─── EXTRACTED INFORMATION ───

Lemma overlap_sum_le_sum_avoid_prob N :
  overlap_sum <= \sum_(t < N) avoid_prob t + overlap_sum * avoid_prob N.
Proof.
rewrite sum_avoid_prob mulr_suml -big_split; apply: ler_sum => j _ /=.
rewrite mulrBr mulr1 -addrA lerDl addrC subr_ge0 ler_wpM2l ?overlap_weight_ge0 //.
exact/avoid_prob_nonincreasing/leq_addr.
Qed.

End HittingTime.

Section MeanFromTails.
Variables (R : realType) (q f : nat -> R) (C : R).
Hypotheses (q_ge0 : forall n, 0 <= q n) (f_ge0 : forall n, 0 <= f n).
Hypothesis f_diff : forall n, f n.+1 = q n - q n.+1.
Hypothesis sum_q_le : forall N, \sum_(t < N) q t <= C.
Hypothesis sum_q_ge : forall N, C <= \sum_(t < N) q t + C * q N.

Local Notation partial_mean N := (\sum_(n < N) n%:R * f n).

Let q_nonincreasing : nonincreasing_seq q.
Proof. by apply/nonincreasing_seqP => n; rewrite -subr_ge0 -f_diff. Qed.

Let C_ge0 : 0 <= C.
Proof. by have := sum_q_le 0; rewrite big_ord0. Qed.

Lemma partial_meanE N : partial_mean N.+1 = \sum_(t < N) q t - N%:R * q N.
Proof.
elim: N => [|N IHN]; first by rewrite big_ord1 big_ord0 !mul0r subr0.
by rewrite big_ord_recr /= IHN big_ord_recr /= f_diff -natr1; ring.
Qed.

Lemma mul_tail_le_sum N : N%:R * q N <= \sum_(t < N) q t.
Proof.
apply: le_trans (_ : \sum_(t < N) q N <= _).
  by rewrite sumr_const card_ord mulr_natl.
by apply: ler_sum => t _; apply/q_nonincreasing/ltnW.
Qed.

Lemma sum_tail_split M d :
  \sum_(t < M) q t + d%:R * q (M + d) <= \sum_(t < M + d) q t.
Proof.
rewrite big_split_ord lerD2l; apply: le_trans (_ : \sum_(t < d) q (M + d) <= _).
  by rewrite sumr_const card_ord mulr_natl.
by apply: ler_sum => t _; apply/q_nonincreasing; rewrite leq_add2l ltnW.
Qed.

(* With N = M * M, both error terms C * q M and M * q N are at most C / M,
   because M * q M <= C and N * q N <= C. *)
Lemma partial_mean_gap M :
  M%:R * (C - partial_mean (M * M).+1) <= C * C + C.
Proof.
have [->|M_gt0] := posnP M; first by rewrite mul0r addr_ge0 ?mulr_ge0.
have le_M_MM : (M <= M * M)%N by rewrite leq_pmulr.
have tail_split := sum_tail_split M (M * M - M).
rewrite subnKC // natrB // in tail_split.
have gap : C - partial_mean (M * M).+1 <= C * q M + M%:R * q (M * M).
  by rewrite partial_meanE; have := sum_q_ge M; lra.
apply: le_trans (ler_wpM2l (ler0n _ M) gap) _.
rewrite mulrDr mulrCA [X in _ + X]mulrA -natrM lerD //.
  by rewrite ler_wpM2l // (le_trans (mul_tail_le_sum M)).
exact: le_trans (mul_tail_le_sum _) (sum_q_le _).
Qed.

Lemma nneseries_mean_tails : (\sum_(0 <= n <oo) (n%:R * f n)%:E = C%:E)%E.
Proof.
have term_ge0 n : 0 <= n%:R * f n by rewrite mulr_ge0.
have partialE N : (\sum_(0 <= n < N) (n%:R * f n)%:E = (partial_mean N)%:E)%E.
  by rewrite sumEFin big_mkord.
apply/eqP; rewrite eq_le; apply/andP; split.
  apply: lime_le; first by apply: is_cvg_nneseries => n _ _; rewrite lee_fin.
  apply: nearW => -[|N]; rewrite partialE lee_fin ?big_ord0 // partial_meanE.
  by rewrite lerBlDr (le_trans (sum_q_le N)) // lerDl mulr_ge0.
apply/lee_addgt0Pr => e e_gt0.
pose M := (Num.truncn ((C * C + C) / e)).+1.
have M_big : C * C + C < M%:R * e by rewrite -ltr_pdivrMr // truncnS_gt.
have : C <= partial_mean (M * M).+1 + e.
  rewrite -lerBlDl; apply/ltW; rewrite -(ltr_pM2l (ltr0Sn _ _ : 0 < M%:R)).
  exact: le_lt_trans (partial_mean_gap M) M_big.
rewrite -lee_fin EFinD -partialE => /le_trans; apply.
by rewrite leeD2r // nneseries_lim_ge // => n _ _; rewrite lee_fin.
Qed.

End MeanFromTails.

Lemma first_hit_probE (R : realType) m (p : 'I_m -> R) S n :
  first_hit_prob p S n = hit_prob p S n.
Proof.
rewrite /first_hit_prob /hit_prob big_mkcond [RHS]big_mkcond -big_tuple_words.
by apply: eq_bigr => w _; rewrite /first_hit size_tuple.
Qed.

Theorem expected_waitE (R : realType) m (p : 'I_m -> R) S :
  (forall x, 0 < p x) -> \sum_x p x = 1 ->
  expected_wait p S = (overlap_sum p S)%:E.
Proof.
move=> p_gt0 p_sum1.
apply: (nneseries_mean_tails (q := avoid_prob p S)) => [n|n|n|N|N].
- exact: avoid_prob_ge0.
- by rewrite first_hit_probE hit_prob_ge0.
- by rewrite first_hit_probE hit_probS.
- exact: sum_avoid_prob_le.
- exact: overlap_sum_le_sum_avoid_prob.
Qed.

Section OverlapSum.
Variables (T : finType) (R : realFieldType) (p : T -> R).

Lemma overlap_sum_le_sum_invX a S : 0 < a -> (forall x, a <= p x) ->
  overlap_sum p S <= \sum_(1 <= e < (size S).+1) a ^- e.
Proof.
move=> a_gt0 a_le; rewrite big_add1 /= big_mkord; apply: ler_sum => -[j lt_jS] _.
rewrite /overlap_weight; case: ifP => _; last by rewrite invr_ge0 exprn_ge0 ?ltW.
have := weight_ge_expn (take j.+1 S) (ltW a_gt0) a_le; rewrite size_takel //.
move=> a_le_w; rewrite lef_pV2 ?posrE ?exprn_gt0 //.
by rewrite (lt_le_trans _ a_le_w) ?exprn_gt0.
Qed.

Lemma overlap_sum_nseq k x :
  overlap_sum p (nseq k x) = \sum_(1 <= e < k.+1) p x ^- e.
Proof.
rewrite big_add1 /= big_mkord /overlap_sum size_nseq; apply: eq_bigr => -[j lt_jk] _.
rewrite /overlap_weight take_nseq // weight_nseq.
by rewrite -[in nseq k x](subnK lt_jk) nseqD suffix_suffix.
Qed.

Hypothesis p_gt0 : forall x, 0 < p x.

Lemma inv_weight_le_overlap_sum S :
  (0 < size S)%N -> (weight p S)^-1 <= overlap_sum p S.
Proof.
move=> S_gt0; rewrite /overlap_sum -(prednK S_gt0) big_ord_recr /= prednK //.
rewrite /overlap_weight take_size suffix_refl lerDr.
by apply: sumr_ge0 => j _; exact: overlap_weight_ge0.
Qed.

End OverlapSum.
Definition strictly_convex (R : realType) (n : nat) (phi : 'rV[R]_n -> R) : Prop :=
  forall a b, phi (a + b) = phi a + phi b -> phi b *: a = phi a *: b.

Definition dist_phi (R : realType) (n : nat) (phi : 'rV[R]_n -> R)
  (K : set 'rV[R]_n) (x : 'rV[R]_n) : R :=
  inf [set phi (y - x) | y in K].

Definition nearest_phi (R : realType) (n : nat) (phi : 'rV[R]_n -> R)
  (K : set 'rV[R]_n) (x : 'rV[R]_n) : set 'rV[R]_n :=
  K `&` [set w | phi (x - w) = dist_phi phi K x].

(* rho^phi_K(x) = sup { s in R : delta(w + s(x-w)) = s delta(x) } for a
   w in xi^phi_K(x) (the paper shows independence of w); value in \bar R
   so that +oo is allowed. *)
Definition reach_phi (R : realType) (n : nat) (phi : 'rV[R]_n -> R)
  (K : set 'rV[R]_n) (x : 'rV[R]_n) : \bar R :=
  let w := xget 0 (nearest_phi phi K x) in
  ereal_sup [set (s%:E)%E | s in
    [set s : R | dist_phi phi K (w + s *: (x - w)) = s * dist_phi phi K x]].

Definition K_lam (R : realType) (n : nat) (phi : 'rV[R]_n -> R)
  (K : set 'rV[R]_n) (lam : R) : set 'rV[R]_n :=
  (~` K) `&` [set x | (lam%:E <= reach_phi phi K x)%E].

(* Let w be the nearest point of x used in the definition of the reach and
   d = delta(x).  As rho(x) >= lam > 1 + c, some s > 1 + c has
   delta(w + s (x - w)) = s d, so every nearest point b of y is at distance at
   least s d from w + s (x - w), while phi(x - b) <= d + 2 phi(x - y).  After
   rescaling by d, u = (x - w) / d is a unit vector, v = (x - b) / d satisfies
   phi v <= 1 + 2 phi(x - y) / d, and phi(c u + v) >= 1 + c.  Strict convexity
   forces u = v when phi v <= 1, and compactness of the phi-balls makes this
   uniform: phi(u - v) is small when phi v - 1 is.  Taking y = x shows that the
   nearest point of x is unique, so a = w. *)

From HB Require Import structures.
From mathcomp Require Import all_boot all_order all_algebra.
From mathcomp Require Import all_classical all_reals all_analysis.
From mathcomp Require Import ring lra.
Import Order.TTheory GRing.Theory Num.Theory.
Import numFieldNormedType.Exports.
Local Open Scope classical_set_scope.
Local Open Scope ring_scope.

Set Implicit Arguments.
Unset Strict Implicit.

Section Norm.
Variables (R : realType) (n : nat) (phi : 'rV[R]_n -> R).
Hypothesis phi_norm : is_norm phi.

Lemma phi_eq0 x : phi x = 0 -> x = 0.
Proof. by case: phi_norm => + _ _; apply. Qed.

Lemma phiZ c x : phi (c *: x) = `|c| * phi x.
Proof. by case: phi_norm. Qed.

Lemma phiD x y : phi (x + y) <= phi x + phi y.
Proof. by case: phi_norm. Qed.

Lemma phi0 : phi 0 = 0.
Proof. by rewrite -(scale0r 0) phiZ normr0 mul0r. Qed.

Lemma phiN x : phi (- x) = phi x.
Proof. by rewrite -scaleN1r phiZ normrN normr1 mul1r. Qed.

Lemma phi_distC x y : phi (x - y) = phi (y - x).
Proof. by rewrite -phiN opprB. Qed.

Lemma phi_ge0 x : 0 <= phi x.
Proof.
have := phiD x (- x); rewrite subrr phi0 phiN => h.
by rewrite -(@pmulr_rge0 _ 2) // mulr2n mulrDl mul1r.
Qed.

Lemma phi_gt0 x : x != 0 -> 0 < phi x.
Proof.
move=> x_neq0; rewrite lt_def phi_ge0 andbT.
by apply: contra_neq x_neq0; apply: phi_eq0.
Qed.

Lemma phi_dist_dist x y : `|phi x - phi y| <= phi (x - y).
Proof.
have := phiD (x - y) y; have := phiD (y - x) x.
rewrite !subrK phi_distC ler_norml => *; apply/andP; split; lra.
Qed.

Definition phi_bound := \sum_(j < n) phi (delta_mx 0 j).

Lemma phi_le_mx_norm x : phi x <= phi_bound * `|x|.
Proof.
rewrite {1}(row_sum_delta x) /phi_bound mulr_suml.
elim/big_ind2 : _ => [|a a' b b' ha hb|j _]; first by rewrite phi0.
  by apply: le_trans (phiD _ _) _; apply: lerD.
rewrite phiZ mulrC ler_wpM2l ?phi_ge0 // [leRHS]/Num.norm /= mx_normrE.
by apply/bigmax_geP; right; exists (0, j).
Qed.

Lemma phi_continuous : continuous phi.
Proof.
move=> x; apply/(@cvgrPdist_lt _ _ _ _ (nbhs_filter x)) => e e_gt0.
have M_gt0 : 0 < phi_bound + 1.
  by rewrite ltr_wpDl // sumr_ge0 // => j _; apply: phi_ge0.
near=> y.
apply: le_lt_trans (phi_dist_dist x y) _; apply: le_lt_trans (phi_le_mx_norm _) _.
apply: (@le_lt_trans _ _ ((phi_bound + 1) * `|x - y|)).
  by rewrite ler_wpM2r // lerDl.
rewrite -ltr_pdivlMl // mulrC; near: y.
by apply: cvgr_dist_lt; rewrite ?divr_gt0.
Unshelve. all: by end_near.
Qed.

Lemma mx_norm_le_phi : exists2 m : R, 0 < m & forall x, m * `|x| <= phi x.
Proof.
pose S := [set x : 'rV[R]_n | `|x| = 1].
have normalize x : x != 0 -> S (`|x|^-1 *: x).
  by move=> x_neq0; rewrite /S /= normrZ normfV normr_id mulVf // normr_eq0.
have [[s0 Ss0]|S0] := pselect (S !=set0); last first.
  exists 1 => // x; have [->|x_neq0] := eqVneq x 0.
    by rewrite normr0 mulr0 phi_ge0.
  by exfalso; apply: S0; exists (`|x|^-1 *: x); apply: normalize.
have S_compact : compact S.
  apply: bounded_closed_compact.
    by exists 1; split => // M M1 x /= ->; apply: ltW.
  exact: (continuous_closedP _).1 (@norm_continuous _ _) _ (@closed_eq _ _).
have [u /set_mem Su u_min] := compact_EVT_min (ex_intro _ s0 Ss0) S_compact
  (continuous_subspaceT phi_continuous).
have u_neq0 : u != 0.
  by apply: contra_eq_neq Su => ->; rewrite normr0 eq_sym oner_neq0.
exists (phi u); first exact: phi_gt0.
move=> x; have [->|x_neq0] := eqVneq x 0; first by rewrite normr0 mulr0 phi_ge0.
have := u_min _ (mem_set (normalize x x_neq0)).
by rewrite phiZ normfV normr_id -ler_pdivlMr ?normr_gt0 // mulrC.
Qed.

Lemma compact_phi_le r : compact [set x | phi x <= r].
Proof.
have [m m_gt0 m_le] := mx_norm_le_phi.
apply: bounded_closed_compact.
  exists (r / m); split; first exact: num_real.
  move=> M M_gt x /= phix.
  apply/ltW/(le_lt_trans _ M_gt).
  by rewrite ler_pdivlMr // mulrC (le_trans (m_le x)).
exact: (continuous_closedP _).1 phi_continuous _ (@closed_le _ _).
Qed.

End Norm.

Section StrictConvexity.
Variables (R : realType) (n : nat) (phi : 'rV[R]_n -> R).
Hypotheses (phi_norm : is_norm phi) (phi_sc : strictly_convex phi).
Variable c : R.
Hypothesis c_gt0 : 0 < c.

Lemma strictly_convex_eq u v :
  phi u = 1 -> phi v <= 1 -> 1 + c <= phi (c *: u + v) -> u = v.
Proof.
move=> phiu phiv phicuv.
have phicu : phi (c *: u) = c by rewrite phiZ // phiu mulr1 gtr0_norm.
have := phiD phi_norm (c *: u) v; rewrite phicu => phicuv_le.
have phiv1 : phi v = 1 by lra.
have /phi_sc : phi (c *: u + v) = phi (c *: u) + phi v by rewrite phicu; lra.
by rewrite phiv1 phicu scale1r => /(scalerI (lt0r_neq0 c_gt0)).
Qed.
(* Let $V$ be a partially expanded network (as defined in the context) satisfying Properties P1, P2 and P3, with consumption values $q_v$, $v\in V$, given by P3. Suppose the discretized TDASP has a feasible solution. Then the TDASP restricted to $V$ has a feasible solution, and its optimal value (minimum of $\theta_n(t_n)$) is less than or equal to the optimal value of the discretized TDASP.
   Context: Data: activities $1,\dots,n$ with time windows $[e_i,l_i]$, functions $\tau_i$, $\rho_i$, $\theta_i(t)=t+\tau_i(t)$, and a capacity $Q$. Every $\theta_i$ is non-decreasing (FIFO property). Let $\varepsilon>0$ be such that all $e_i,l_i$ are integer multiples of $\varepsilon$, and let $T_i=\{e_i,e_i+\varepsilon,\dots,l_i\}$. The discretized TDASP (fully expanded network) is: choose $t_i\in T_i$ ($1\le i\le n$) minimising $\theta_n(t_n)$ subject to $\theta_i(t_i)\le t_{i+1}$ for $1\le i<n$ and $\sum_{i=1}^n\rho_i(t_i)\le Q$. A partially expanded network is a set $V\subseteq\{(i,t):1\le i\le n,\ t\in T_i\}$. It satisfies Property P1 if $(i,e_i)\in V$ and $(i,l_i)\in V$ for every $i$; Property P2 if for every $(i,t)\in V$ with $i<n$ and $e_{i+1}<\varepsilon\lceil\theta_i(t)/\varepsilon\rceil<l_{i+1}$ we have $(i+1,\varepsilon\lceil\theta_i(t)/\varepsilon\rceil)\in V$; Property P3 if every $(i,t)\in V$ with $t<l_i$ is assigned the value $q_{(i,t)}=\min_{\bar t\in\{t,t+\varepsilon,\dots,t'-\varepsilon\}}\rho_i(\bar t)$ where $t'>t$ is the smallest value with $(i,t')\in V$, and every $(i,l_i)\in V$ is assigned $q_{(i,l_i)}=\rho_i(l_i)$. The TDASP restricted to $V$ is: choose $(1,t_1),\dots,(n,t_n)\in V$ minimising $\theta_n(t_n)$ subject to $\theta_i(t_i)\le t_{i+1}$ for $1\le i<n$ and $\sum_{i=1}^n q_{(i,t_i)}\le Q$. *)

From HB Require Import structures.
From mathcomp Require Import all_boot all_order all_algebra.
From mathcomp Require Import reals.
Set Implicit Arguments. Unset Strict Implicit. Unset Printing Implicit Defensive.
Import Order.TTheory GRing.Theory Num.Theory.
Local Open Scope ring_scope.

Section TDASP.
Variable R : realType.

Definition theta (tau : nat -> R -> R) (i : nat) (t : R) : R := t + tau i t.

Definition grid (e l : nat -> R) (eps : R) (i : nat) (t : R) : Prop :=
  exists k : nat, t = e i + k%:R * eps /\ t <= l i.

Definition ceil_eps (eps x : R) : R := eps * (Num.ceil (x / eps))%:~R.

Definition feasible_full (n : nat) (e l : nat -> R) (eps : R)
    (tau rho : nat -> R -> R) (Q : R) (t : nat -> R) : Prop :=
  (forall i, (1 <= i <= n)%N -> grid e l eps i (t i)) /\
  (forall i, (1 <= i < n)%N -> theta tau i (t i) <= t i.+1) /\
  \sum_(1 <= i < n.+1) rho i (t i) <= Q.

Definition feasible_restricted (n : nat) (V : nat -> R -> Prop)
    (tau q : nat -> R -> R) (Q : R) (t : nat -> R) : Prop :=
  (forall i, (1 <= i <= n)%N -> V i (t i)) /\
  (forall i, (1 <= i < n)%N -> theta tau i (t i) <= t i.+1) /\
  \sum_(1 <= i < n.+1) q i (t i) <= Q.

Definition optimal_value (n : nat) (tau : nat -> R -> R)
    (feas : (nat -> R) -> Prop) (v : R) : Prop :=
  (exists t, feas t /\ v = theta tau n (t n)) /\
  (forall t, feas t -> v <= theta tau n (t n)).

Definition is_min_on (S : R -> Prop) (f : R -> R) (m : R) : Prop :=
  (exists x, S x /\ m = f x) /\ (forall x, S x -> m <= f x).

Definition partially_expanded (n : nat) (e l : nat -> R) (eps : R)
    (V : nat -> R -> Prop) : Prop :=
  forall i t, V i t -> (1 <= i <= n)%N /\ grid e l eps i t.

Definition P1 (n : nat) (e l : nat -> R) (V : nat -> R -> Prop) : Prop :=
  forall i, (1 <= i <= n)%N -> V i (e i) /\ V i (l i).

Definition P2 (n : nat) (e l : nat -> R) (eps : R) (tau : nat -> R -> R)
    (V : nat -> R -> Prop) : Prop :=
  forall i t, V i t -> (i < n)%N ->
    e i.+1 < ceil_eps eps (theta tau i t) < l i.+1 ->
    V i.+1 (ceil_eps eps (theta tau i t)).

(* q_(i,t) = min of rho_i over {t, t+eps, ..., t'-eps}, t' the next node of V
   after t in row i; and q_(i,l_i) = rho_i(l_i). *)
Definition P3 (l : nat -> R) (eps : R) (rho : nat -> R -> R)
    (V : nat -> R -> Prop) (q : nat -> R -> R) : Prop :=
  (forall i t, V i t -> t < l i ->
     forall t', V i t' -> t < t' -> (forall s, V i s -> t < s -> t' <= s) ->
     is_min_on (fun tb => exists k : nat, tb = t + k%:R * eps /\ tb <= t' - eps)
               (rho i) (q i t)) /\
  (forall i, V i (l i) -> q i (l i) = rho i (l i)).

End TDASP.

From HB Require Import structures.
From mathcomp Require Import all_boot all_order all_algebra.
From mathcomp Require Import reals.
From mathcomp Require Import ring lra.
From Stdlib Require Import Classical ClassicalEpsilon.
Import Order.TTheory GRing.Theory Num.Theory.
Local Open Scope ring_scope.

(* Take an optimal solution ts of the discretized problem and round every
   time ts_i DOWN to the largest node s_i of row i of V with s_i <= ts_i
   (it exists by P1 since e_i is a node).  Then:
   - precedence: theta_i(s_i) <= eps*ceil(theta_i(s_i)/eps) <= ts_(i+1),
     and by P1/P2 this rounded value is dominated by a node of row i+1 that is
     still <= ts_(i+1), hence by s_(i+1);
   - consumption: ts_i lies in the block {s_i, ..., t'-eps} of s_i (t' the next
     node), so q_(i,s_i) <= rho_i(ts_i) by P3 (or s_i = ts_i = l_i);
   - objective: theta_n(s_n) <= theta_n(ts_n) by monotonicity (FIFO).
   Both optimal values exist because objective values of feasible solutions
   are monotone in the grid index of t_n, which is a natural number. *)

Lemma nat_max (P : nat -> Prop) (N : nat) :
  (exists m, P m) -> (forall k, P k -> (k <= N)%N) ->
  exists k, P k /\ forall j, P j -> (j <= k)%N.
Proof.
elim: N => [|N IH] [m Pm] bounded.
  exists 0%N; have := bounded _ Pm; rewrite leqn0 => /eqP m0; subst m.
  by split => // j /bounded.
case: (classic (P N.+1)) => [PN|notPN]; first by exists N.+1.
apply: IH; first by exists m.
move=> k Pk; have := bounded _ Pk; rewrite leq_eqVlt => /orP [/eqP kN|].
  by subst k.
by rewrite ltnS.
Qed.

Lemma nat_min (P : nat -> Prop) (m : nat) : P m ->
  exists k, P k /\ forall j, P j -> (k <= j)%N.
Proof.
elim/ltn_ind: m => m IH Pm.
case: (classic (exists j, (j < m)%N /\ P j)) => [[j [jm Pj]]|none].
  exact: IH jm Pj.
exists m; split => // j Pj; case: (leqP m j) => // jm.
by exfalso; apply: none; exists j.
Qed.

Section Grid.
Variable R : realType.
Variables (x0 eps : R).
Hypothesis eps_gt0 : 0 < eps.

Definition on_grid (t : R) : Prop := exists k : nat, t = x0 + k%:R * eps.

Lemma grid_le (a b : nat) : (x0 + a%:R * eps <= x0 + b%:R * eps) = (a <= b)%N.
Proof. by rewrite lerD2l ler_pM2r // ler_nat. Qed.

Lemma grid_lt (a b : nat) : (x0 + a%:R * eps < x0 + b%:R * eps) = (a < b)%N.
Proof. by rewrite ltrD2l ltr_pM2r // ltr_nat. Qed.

───

Go through the records from the first line and copy each one exactly, ending after the line that contains "rewrite subnKC // natrB // in tail_split.". Give nothing else.

WRITTEN SOLUTION:
Lemma overlap_sum_le_sum_avoid_prob N :
  overlap_sum <= \sum_(t < N) avoid_prob t + overlap_sum * avoid_prob N.
Proof.
rewrite sum_avoid_prob mulr_suml -big_split; apply: ler_sum => j _ /=.
rewrite mulrBr mulr1 -addrA lerDl addrC subr_ge0 ler_wpM2l ?overlap_weight_ge0 //.
exact/avoid_prob_nonincreasing/leq_addr.
Qed.

End HittingTime.

Section MeanFromTails.
Variables (R : realType) (q f : nat -> R) (C : R).
Hypotheses (q_ge0 : forall n, 0 <= q n) (f_ge0 : forall n, 0 <= f n).
Hypothesis f_diff : forall n, f n.+1 = q n - q n.+1.
Hypothesis sum_q_le : forall N, \sum_(t < N) q t <= C.
Hypothesis sum_q_ge : forall N, C <= \sum_(t < N) q t + C * q N.

Local Notation partial_mean N := (\sum_(n < N) n%:R * f n).

Let q_nonincreasing : nonincreasing_seq q.
Proof. by apply/nonincreasing_seqP => n; rewrite -subr_ge0 -f_diff. Qed.

Let C_ge0 : 0 <= C.
Proof. by have := sum_q_le 0; rewrite big_ord0. Qed.

Lemma partial_meanE N : partial_mean N.+1 = \sum_(t < N) q t - N%:R * q N.
Proof.
elim: N => [|N IHN]; first by rewrite big_ord1 big_ord0 !mul0r subr0.
by rewrite big_ord_recr /= IHN big_ord_recr /= f_diff -natr1; ring.
Qed.

Lemma mul_tail_le_sum N : N%:R * q N <= \sum_(t < N) q t.
Proof.
apply: le_trans (_ : \sum_(t < N) q N <= _).
  by rewrite sumr_const card_ord mulr_natl.
by apply: ler_sum => t _; apply/q_nonincreasing/ltnW.
Qed.

Lemma sum_tail_split M d :
  \sum_(t < M) q t + d%:R * q (M + d) <= \sum_(t < M + d) q t.
Proof.
rewrite big_split_ord lerD2l; apply: le_trans (_ : \sum_(t < d) q (M + d) <= _).
  by rewrite sumr_const card_ord mulr_natl.
by apply: ler_sum => t _; apply/q_nonincreasing; rewrite leq_add2l ltnW.
Qed.

(* With N = M * M, both error terms C * q M and M * q N are at most C / M,
   because M * q M <= C and N * q N <= C. *)
Lemma partial_mean_gap M :
  M%:R * (C - partial_mean (M * M).+1) <= C * C + C.
Proof.
have [->|M_gt0] := posnP M; first by rewrite mul0r addr_ge0 ?mulr_ge0.
have le_M_MM : (M <= M * M)%N by rewrite leq_pmulr.
have tail_split := sum_tail_split M (M * M - M).
rewrite subnKC // natrB // in tail_split.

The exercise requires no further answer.